1st Secretary of the Wisconsin Department of Health and Family Services
- In office July 5, 1995 – March 10, 2001
- Governor: Tommy Thompson
- Preceded by: Richard Loring (acting) Gerald Whitburn (confirmed)
- Succeeded by: Phyllis Dube

Member of the Wisconsin Senate from the 14th district
- In office January 7, 1985 – July 5, 1995
- Preceded by: Gerald Lorge
- Succeeded by: Robert Welch

Personal details
- Born: March 10, 1942 (age 84) Iola, Wisconsin, U.S.
- Died: February 2, 2022
- Party: Republican
- Spouse: Virginia "Ginny" Leean
- Children: 3
- Alma mater: Augustana College (B.A.)

= Joseph Leean =

20th century American politician

Joseph S. "Joe" Leean (born March 10, 1942) is an American businessman and retired Republican politician. He served as Secretary of the Wisconsin Department of Health and Family Services for seven years under Governor Tommy Thompson and was instrumental in the creation of BadgerCare, Wisconsin's state health insurance program.

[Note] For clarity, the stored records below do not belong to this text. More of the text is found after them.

(* Let $G$ be a simple loopless graph on $[L]$, $p\ge1$, and let $\Phi_p:\Pi_{2p}(G)\to[\mathcal{T}(G)]^{2p}$ be the map defined recursively below. For $(\pi,\phi)\in\Pi_{2p}(G)$ and $w=\Phi_p(\pi,\phi)=(w_1,\dots,w_{2p})$ (with $w_0:=e$), for every block $\{s,r\}\in\pi$ with $s<r$ we have \[ |w_s|=|w_{s-1}|+1\quad\text{and}\quad |w_r|=|w_{r-1}|-1. \]
   Context: $\mathcal{T}(G)=\langle v\in[L]: uv=vu \text{ for } (u,v)\in E(G)\rangle$ is the trace monoid of $G$ (words in letters $[L]$ modulo commutation of adjacent letters), $e$ the empty word, $|w|$ the length of a word. $P_2(2p)$ is the set of pair partitions of $[2p]$; blocks $\{u_1,v_1\},\{u_2,v_2\}$ cross if $u_1<u_2<v_1<v_2$; $F_\pi$ is the graph on the blocks of $\pi$ with edges between crossing blocks. $\Pi_{2p}(G)=\{(\pi,\phi):\pi\in P_2(2p),\ \phi\in\operatorname{Hom}(F_\pi,G)\}$, where $\phi$ maps blocks to $[L]$ and crossing blocks to adjacent vertices. Definition of $\Phi_p$: (1) For $p=1$, $P_2(2)=\{\{\{1,2\}\}\}$; if $\phi$ assigns label $i$ to the block, $\Phi_1(\pi,\phi)=(i,e)$. (2) Given $\Phi_p$ and $(\pi,\phi)\in\Pi_{2(p+1)}(G)$, let $r$ be the smallest index in $[2(p+1)]$ that is the larger element of its block, let $U=\{s,r\}\in\pi$ with $s<r$, $i_s=\phi(U)$, $\sigma=\pi\setminus\{U\}$, $\psi=\phi|_\sigma$. Identify $P_2([2(p+1)]\setminus\{s,r\})$ with $P_2(2p)$ via the order-preserving bijection $[2(p+1)]\setminus\{s,r\}\to[2p]$, and write $u=\Phi_p(\sigma,\psi)=(u_k)_{k\in[2(p+1)]\setminus\{s,r\}}$; for an index $k$ let $u_{k^-}$ denote $u_j$ for the largest $j<k$ with $j\notin\{s,r\}$, and $u_{k^-}=e$ if no such $j\ge1$ exists. Then $\Phi_{p+1}(\pi,\phi)_k=u_k$ for $k<s$; $=i_s u_{s^-}$ for $k=s$; $=i_su_k$ for $s<k<r$; $=u_{r^-}$ for $k=r$; $=u_k$ for $k>r$ (products taken in $\mathcal{T}(G)$). *)

From mathcomp Require Import all_boot.
Set Implicit Arguments. Unset Strict Implicit. Unset Printing Implicit Defensive.

(* A graph G on [L] is a relation on 'I_L (simple loopless: symmetric,
   irreflexive; these are hypotheses of the theorem).
   Elements of the trace monoid T(G) are represented by words
   (seq 'I_L); the product in T(G) is concatenation of representatives and
   the length |w| of a trace is the size of any representative.  Phi below
   produces, for each position, a representative word of the trace
   Phi_p(pi,phi)_k. *)

Definition word (L : nat) := seq 'I_L.

Inductive trace_eq (L : nat) (G : rel 'I_L) : word L -> word L -> Prop :=
  | te_refl w : trace_eq G w w
  | te_swap u v a b : G a b -> trace_eq G (u ++ a :: b :: v) (u ++ b :: a :: v)
  | te_sym w1 w2 : trace_eq G w1 w2 -> trace_eq G w2 w1
  | te_trans w1 w2 w3 : trace_eq G w1 w2 -> trace_eq G w2 w3 -> trace_eq G w1 w3.

(* A labelled pair partition (pi, phi) is a list of blocks (s, r, phi{s,r})
   with s < r. *)
Definition lblock (L : nat) := (nat * nat * 'I_L)%type.

Definition in_Pi (L : nat) (G : rel 'I_L) (p : nat) (pi : seq (lblock L)) : Prop :=
  [/\ all (fun t : lblock L => t.1.1 < t.1.2) pi,
      perm_eq (flatten [seq [:: t.1.1; t.1.2] | t <- pi]) (iota 1 (2 * p)) &
      (* phi is a graph homomorphism F_pi -> G: crossing blocks get adjacent labels *)
      forall t1 t2 : lblock L, t1 \in pi -> t2 \in pi ->
        t1.1.1 < t2.1.1 < t1.1.2 -> t1.1.2 < t2.1.2 -> G t1.2 t2.2 ].

(* k-th entry (k >= 1) of a tuple stored as a list w = [w_1; ...; w_n],
   with w_0 := e. *)
Definition wk (L : nat) (w : seq (word L)) (k : nat) : word L :=
  if k is k'.+1 then nth [::] w k' else [::].

(* Phi_p, defined literally by the recursion of the paper.  Output is the
   list [w_1; ...; w_{2p}]. *)
Fixpoint Phi (L : nat) (p : nat) (pi : seq (lblock L)) {struct p} : seq (word L) :=
  match p with
  | 0 => [::]
  | 1 => match pi with
         | (_, _, i) :: _ => [:: [:: i]; [::]]
         | [::] => [::]
         end
  | p'.+1 =>
    match pi with
    | [::] => [::]
    | b0 :: _ =>
      (* r = smallest index that is the larger element of its block *)
      let rmin := foldr minn (2 * p) [seq t.1.2 | t <- pi] in
      let U := nth b0 pi (find (fun t : lblock L => t.1.2 == rmin) pi) in
      let s := U.1.1 in let r := U.1.2 in let i := U.2 in
      let sigma := rem U pi in
      (* order-preserving bijection [2p] \ {s,r} -> [2(p-1)] *)
      let red k := k - (s < k) - (r < k) in
      let sigma' := [seq (red t.1.1, red t.1.2, t.2) | t <- sigma] in
      let u' := Phi p' sigma' in
      let u k := wk u' (red k) in
      let uminus k :=
        let J := [seq j <- iota 1 k.-1 | (j != s) && (j != r)] in
        if J is [::] then [::] else u (last 0 J) in
      [seq (if k < s then u k
            else if k == s then i :: uminus s
            else if k < r then i :: u k
            else if k == r then uminus r
            else u k) | k <- iota 1 (2 * p)]
    end
  end.

From mathcomp Require Import all_boot zify.
Set Implicit Arguments. Unset Strict Implicit. Unset Printing Implicit Defensive.

(* The length of the k-th entry of Phi_p(pi, phi) is the depth of pi at k, the
   number of blocks {s, r} of pi with s <= k < r.  This invariant survives the
   recursive step whichever block U = {s, r} is removed: the entries s <= k < r
   get the extra letter i_s, and every entry k is otherwise copied from the
   entry of Phi_{p-1} at the squeezed index of the last position <= k outside
   {s, r}, where, squeezing being order-preserving, exactly the same blocks of
   pi \ U are open.  The depth grows by one at an opener s and drops by one at
   a closer r, which is the statement. *)

Section Squeeze.
Variables s r : nat.

Definition squeeze (k : nat) := k - (s < k) - (r < k).

(* The squeezed index of the last position <= k outside {s, r}. *)
Definition squeeze_floor (k : nat) := k - (s <= k) - (r <= k).

Lemma squeeze_floorE (k : nat) : k != s -> k != r -> squeeze k = squeeze_floor k.
Proof. by rewrite /squeeze /squeeze_floor => /eqP ? /eqP ?; lia. Qed.

Hypotheses (s_gt0 : 0 < s) (s_lt_r : s < r).

Lemma squeeze_le_floor (a k : nat) : a != s -> a != r ->
  (squeeze a <= squeeze_floor k) = (a <= k).
Proof. by rewrite /squeeze /squeeze_floor => /eqP ? /eqP ?; apply/idP/idP; lia. Qed.

Lemma leq_squeeze (a b : nat) : a != s -> a != r -> b != s -> b != r ->
  (squeeze a <= squeeze b) = (a <= b).
Proof. by move=> ? ? bs br; rewrite (squeeze_floorE bs br) squeeze_le_floor. Qed.

Lemma squeeze_in_range (a n : nat) : a != s -> a != r -> r <= n.+2 -> 0 < a <= n.+2 ->
  0 < squeeze a <= n.
Proof. by rewrite /squeeze => /eqP ? /eqP ? ? /andP [? ?]; apply/andP; split; lia. Qed.

End Squeeze.

Lemma last_filter_iotaS (P : pred nat) n :
  last 0 [seq j <- iota 1 n.+1 | P j] =
  if P n.+1 then n.+1 else last 0 [seq j <- iota 1 n | P j].
Proof.
rewrite -{1}[n.+1]addn1 iotaD add1n filter_cat /=.
by case: (P n.+1); rewrite ?cats0 // last_cat.
Qed.

Lemma last_filter_iota (P : pred nat) n : P n -> last 0 [seq j <- iota 1 n | P j] = n.
Proof. by case: n => [|n] // Pn; rewrite last_filter_iotaS Pn. Qed.

Section PhiSizes.
Variable L : nat.
Implicit Types (pi : seq (lblock L)) (t U : lblock L) (u : seq (word L)).

(* The paper's u_k and u_{k^-}, for u indexed by [2(p+1)] \ {s, r}. *)
Definition u_at U u k := wk u (squeeze U.1.1 U.1.2 k).

Definition u_before U u k :=
  let J := [seq j <- iota 1 k.-1 | (j != U.1.1) && (j != U.1.2)] in
  if J is [::] then [::] else u_at U u (last 0 J).

Definition Phi_insert p U u :=
  [seq (if k < U.1.1 then u_at U u k
        else if k == U.1.1 then U.2 :: u_before U u U.1.1
        else if k < U.1.2 then U.2 :: u_at U u k
        else if k == U.1.2 then u_before U u U.1.2
        else u_at U u k) | k <- iota 1 (2 * p)].

Definition squeeze_blocks U pi :=
  [seq (squeeze U.1.1 U.1.2 t.1.1, squeeze U.1.1 U.1.2 t.1.2, t.2) | t <- rem U pi].

Lemma PhiSS p b0 pi : exists2 U, U \in b0 :: pi &
  Phi p.+2 (b0 :: pi) = Phi_insert p.+2 U (Phi p.+1 (squeeze_blocks U (b0 :: pi))).
Proof.
pose rmin := foldr minn (2 * p.+2) [seq t.1.2 | t <- b0 :: pi].
pose n := find (fun t : lblock L => t.1.2 == rmin) (b0 :: pi).
exists (nth b0 (b0 :: pi) n); last by [].
by case: (ltnP n (size (b0 :: pi))) => [|n_ge]; [apply: mem_nth | rewrite nth_default ?mem_head].
Qed.

Lemma u_beforeE U u k :
  u_before U u k = u_at U u (last 0 [seq j <- iota 1 k.-1 | (j != U.1.1) && (j != U.1.2)]).
Proof. by rewrite /u_before; case: [seq j <- _ | _]. Qed.

Lemma u_before_open s r i u : 0 < s < r -> u_before (s, r, i) u s = wk u (squeeze_floor s r s).
Proof.
case/andP=> s_gt0 s_lt_r.
rewrite u_beforeE last_filter_iota /u_at /squeeze /squeeze_floor /=; first by congr wk; lia.
by apply/andP; split; apply/eqP; lia.
Qed.

Lemma u_before_close s r i u : 0 < s < r -> u_before (s, r, i) u r = wk u (squeeze_floor s r r).
Proof.
case/andP=> s_gt0 s_lt_r.
rewrite u_beforeE /u_at /squeeze_floor /=.
have [r_s | r_s] := eqVneq r.-1 s.
  have -> : r.-1 = r.-2.+1 by lia.
  have r_s' : r.-2.+1 == s by apply/eqP; lia.
  rewrite last_filter_iotaS r_s' /= last_filter_iota /squeeze; first by congr wk; lia.
  by apply/andP; split; apply/eqP; lia.
rewrite last_filter_iota /squeeze; first by congr wk; lia.
by rewrite r_s; apply/eqP; lia.
Qed.

Lemma wk_Phi_insert p s r i u k : 0 < s < r -> k <= 2 * p ->
  wk (Phi_insert p (s, r, i) u) k =
  let v := wk u (squeeze_floor s r k) in if s <= k < r then i :: v else v.
Proof.
move=> sr; have /andP [s_gt0 s_lt_r] := sr.
case: k => [|k] k_le /=; first by rewrite leqNgt s_gt0.
rewrite /Phi_insert (nth_map 0) ?size_iota // nth_iota // add1n /=.
have [-> | k_s] := eqVneq k.+1 s; first by rewrite ltnn leqnn s_lt_r u_before_open.
have [-> | k_r] := eqVneq k.+1 r.
  by rewrite (leq_gtF (ltnW s_lt_r)) ltnn andbF u_before_close.
rewrite /u_at (squeeze_floorE k_s k_r).
by case: (ltnP k.+1 s) => //= _; case: (ltnP k.+1 r).
Qed.

Definition ends pi := flatten [seq [:: t.1.1; t.1.2] | t <- pi].

Definition blocks_wf p pi :=
  {in pi, forall t, [&& 0 < t.1.1, t.1.1 < t.1.2 & t.1.2 <= 2 * p]} /\ uniq (ends pi).

Definition depth pi k := count (fun t => t.1.1 <= k < t.1.2) pi.

Lemma ends_cons t pi : ends (t :: pi) = t.1.1 :: t.1.2 :: ends pi.
Proof. by []. Qed.

Lemma mem_ends pi t : t \in pi -> (t.1.1 \in ends pi) && (t.1.2 \in ends pi).
Proof. by move=> t_in; apply/andP; split; apply/flatten_mapP; exists t; rewrite // !inE eqxx ?orbT. Qed.

Lemma ends_map f pi :
  ends [seq (f t.1.1, f t.1.2, t.2) | t <- pi] = map f (ends pi).
Proof. by elim: pi => // t pi IH; rewrite map_cons !ends_cons IH. Qed.

Lemma uniq_ends_rem pi U : uniq (ends pi) -> U \in pi ->
  uniq (U.1.1 :: U.1.2 :: ends (rem U pi)).
Proof. by move=> uniq_pi /perm_to_rem/(perm_map (fun t => [:: t.1.1; t.1.2]))/perm_flatten/perm_uniq <-. Qed.

Lemma ends_rem_neq pi U a : uniq (ends pi) -> U \in pi -> a \in ends (rem U pi) ->
  (a != U.1.1) && (a != U.1.2).
Proof.
move=> /uniq_ends_rem uniq_U /uniq_U /= /and3P [/norP [_ sE] rE _] aE.
by apply/andP; split; [move: sE | move: rE]; apply: contraNneq => <-.
Qed.

Lemma block_rem_neq pi U t : uniq (ends pi) -> U \in pi -> t \in rem U pi ->
  [/\ t.1.1 != U.1.1, t.1.1 != U.1.2, t.1.2 != U.1.1 & t.1.2 != U.1.2].
Proof.
move=> uniq_pi U_in /mem_ends /andP [/(ends_rem_neq uniq_pi U_in) /andP [? ?]].
by move/(ends_rem_neq uniq_pi U_in) => /andP [? ?].
Qed.

Lemma size_ends pi : size (ends pi) = 2 * size pi.
Proof. by elim: pi => // t pi IH; rewrite ends_cons /= IH mulnS. Qed.

Lemma size_blocks_wf p pi : blocks_wf p pi -> size pi <= p.
Proof.
case=> bounds uniq_pi; rewrite -(leq_pmul2l (isT : 0 < 2)) -size_ends.
rewrite -[2 * p](size_iota 1); apply: uniq_leq_size => // a /flatten_mapP [t /bounds].
by rewrite !inE mem_iota => bt /orP [] /eqP ->; lia.
Qed.

Lemma depth_rem pi U k : U \in pi -> depth pi k = (U.1.1 <= k < U.1.2) + depth (rem U pi) k.
Proof. by move/perm_to_rem/permP => count_rem; rewrite /depth count_rem. Qed.

Lemma depth_pred pi k : {in pi, forall t, (t.1.1 != k) && (t.1.2 != k)} ->
  depth pi k = depth pi k.-1.
Proof. by move=> no_end; apply: eq_in_count => t /no_end /andP [/eqP ? /eqP ?]; apply/idP/idP; lia. Qed.

Lemma depth_squeeze_blocks pi s r i k : uniq (ends pi) -> (s, r, i) \in pi -> 0 < s < r ->
  depth (squeeze_blocks (s, r, i) pi) (squeeze_floor s r k) = depth (rem (s, r, i) pi) k.
Proof.
move=> uniq_pi U_in /andP [s_gt0 s_lt_r]; rewrite /depth count_map.
apply: eq_in_count => t /(block_rem_neq uniq_pi U_in) [? ? ? ?] /=.
by rewrite !ltnNge !squeeze_le_floor.
Qed.

Lemma blocks_wf_squeeze p pi s r i : blocks_wf p.+1 pi -> (s, r, i) \in pi ->
  blocks_wf p (squeeze_blocks (s, r, i) pi).
Proof.
case=> bounds uniq_pi U_in.
have /and3P [s_gt0 s_lt_r r_le] : [&& 0 < s, s < r & r <= 2 * p.+1] := bounds _ U_in.
rewrite mulnS add2n in r_le; split.
- move=> _ /mapP [t t_in ->] /=.
  have /= [as_ ar bs br] := block_rem_neq uniq_pi U_in t_in.
  have /and3P [a_gt0 a_lt_b] := bounds t (mem_rem t_in); rewrite mulnS add2n => b_le.
  have /andP [sa_gt0 _] : 0 < squeeze s r t.1.1 <= 2 * p.
    by apply: squeeze_in_range => //; rewrite a_gt0 ltnW // (leq_trans a_lt_b).
  have /andP [_ sb_le] : 0 < squeeze s r t.1.2 <= 2 * p.
    by apply: squeeze_in_range => //; rewrite b_le (ltn_trans a_gt0 a_lt_b).
  by rewrite sa_gt0 sb_le ltnNge leq_squeeze // -ltnNge a_lt_b.
- have /and3P [_ _ uniq_rem] := uniq_ends_rem uniq_pi U_in.
  rewrite /squeeze_blocks ends_map map_inj_in_uniq // => a b aE bE eq_ab.
  have /andP [a_s a_r] := ends_rem_neq uniq_pi U_in aE.
  have /andP [b_s b_r] := ends_rem_neq uniq_pi U_in bE.
  apply/eqP; rewrite eqn_leq -(leq_squeeze s_gt0 s_lt_r a_s a_r b_s b_r).
  by rewrite -(leq_squeeze s_gt0 s_lt_r b_s b_r a_s a_r) eq_ab leqnn.
Qed.

Lemma size_Phi p pi k : 0 < p -> blocks_wf p pi -> k <= 2 * p ->
  size (wk (Phi p pi) k) = depth pi k.
Proof.
elim: p pi k => [|p IHp] [|b0 pi] k // _ wf_pi k_le.
  by case: p {IHp wf_pi k_le} => [|p]; case: k => [|k]; rewrite /= ?nth_nil.
case: p IHp wf_pi k_le => [|p] IHp wf_pi k_le.
  have := size_blocks_wf wf_pi; case: pi wf_pi => // wf_pi _.
  case: b0 wf_pi => [[s r] i] [/(_ _ (mem_head _ _)) /and3P /= [? ? ?] _].
  by rewrite /depth; case: k k_le => [|[|[|k]]] //= _; lia.
have [[[s r] i] U_in ->] := PhiSS p b0 pi.
have [bounds uniq_pi] := wf_pi.
have /and3P [s_gt0 s_lt_r r_le] : [&& 0 < s, s < r & r <= 2 * p.+2] := bounds _ U_in.
have sr : 0 < s < r by rewrite s_gt0.
rewrite wk_Phi_insert // (depth_rem k U_in) -(depth_squeeze_blocks k uniq_pi U_in sr) -IHp //.
- by rewrite /=; case: ifP.
- exact: blocks_wf_squeeze.
- by rewrite /squeeze_floor; lia.
Qed.

Lemma blocks_wf_of_Pi (G : rel 'I_L) p pi : in_Pi G p pi -> blocks_wf p pi.
Proof.
case=> /allP lt_blocks perm_ends _.
split; last by rewrite (perm_uniq perm_ends) iota_uniq.
move=> t t_in; have /andP := mem_ends t_in.
rewrite !(perm_mem perm_ends) !mem_iota; have := lt_blocks t t_in; lia.
Qed.

End PhiSizes.

Theorem lemma3p1 (L : nat) (G : rel 'I_L) (Gsym : symmetric G)
  (Girr : irreflexive G) (p : nat) (hp : 1 <= p) (pi : seq (lblock L))
  (Hpi : in_Pi G p pi) :
  forall (s r : nat) (i : 'I_L), (s, r, i) \in pi ->
    size (wk (Phi p pi) s) = (size (wk (Phi p pi) s.-1)).+1 /\
    size (wk (Phi p pi) r) + 1 = size (wk (Phi p pi) r.-1).
Proof.
move=> s r i U_in.
have wf_pi := blocks_wf_of_Pi Hpi; have [bounds uniq_pi] := wf_pi.
have /and3P [s_gt0 s_lt_r r_le] : [&& 0 < s, s < r & r <= 2 * p] := bounds _ U_in.
have off_s : {in rem (s, r, i) pi, forall t, (t.1.1 != s) && (t.1.2 != s)}.
  by move=> t /(block_rem_neq uniq_pi U_in) [/= -> _ -> _].
have off_r : {in rem (s, r, i) pi, forall t, (t.1.1 != r) && (t.1.2 != r)}.
  by move=> t /(block_rem_neq uniq_pi U_in) [/= _ -> _ ->].
rewrite !size_Phi //; try lia.
rewrite !(depth_rem _ U_in) (depth_pred off_s) (depth_pred off_r) /=.
split; lia.
Qed.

Leean subsequently worked as a consultant to Thompson after his appointment as United States Secretary of Health and Human Services. Earlier in his career, he served ten years in the Wisconsin State Senate, representing the 14th Senate district.

==Early life and career==
Leean was born in Iola, Wisconsin. He earned his bachelor's degree from Augustana College in 1964 and went on to do graduate studies at the University of Wisconsin–Madison and Western Michigan University. He worked as a high school math and physics teacher for several years, then became owner and operator of a recreational boating company on the Chain O' Lakes outside Waupaca, Wisconsin.

==Political career==
Leean was first elected to the Senate in 1984, representing the 14th District, and was re-elected in 1988 and 1992. Leean was appointed to the influential budget-writing Joint Finance Committee in 1989, and became co-chair of the powerful committee after Republicans secured the Senate majority in 1993.

He resigned from the Senate in July 1995 to accept an appointment as the head of the newly reorganized Department of Health and Family Services (now the Wisconsin Department of Health Services). He was succeeded in the 14th Senate district by Robert Welch after a September special election.

At the time of his appointment, Governor Thompson said Leean had demonstrated his "diplomacy, skill, and ability" as co-chair of the Joint Finance Committee—where he had to forge consensus with a Democratic co-chair Barbara Linton. Leean served seven years as head of the Department Health and Family Services under Thompson. In 2001, Thompson was appointed United States Secretary of Health and Human Services in the George W. Bush administration and Leean joined Thompson as a consultant in Washington, D.C.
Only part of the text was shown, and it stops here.